TASK DETAILS
Exactly reproduce the lines from the top of the entries below through the line containing "From mathcomp Require Import boolp", with both ends included.

THE RECORDS section start

(* Let $R$ be a Noetherian ring and let $\mathcal P_0:=\{I\in\mathcal I^\bullet(R)\mid \dim(R/I)=0\}$. Then: (1) $\mathcal P_0$ is dense in $\mathcal I^\bullet(R)$ with respect to the constructible topology; (2) if all residue fields of $R$ are finite, then $\mathcal P_0$ is the smallest dense subset of $\mathcal I^\bullet(R)$ with respect to the constructible topology.
   Context: $\mathcal I(R)$ is the set of ideals of $R$ and $\mathcal I^\bullet(R)$ the set of proper ideals. $\mathcal I(R)$ carries the Zariski topology with basis of open sets $\mathcal B(x_1,\ldots,x_n):=\{I\in\mathcal I(R)\mid x_1,\ldots,x_n\in I\}$; it is a spectral space. The constructible topology is the coarsest topology in which all open quasi-compact subsets of $\mathcal I(R)$ are clopen; $\mathcal I^\bullet(R)$ carries the subspace topology of the constructible topology. *)

From HB Require Import structures.
From mathcomp Require Import all_boot all_algebra.
From mathcomp Require Import boolp classical_sets.
From Stdlib Require List.
Import GRing.Theory.

Set Implicit Arguments.
Unset Strict Implicit.
Unset Printing Implicit Defensive.

Local Open Scope ring_scope.
Local Open Scope classical_set_scope.

Section IdealSpace.
Variable R : comPzRingType.

Definition is_ideal (I : set R) : Prop :=
  [/\ I 0, (forall x y, I x -> I y -> I (x + y)) & (forall r x, I x -> I (r * x))].

Definition ideals : set (set R) := [set I | is_ideal I].
Definition proper_ideals : set (set R) := [set I | is_ideal I /\ ~ I 1].

Definition is_prime (P : set R) : Prop :=
  [/\ is_ideal P, ~ P 1 & (forall x y, P (x * y) -> P x \/ P y)].

Definition is_maximal (M : set R) : Prop :=
  [/\ is_ideal M, ~ M 1 &
      (forall J, is_ideal J -> M `<=` J -> ~ J 1 -> J = M)].

Definition noetherian : Prop :=
  forall f : nat -> set R, (forall n, is_ideal (f n)) ->
    (forall n, f n `<=` f n.+1) ->
    exists N, forall n, (N <= n)%N -> f n = f N.

(** A chain P_0 ⊊ P_1 ⊊ ... ⊊ P_n of primes of R containing I
    (= a chain of primes of length n in R/I, by the correspondence theorem). *)
Definition prime_chain_above (I : set R) (n : nat) (c : nat -> set R) : Prop :=
  [/\ forall i, (i <= n)%N -> is_prime (c i),
      I `<=` c 0%N &
      forall i, (i < n)%N -> c i `<=` c i.+1 /\ c i <> c i.+1].

(** dim(R/I) = 0: the supremum of lengths of prime chains of R/I is 0. *)
Definition dim_quot_eq0 (I : set R) : Prop :=
  (exists c, prime_chain_above I 0 c) /\
  (forall n c, prime_chain_above I n c -> n = 0%N).

Definition P0 : set (set R) := [set I | proper_ideals I /\ dim_quot_eq0 I].

(** R/M is finite (M maximal: this is the residue field at M). *)
Definition finite_quotient (M : set R) : Prop :=
  exists s : seq R, forall x, exists2 y, y \in s & M (x - y).

Definition residue_fields_finite : Prop :=
  forall M, is_maximal M -> finite_quotient M.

THE RECORDS section end

WRITTEN REPLY
(* Let $R$ be a Noetherian ring and let $\mathcal P_0:=\{I\in\mathcal I^\bullet(R)\mid \dim(R/I)=0\}$. Then: (1) $\mathcal P_0$ is dense in $\mathcal I^\bullet(R)$ with respect to the constructible topology; (2) if all residue fields of $R$ are finite, then $\mathcal P_0$ is the smallest dense subset of $\mathcal I^\bullet(R)$ with respect to the constructible topology.
   Context: $\mathcal I(R)$ is the set of ideals of $R$ and $\mathcal I^\bullet(R)$ the set of proper ideals. $\mathcal I(R)$ carries the Zariski topology with basis of open sets $\mathcal B(x_1,\ldots,x_n):=\{I\in\mathcal I(R)\mid x_1,\ldots,x_n\in I\}$; it is a spectral space. The constructible topology is the coarsest topology in which all open quasi-compact subsets of $\mathcal I(R)$ are clopen; $\mathcal I^\bullet(R)$ carries the subspace topology of the constructible topology. *)

From HB Require Import structures.
From mathcomp Require Import all_boot all_algebra.
From mathcomp Require Import boolp classical_sets.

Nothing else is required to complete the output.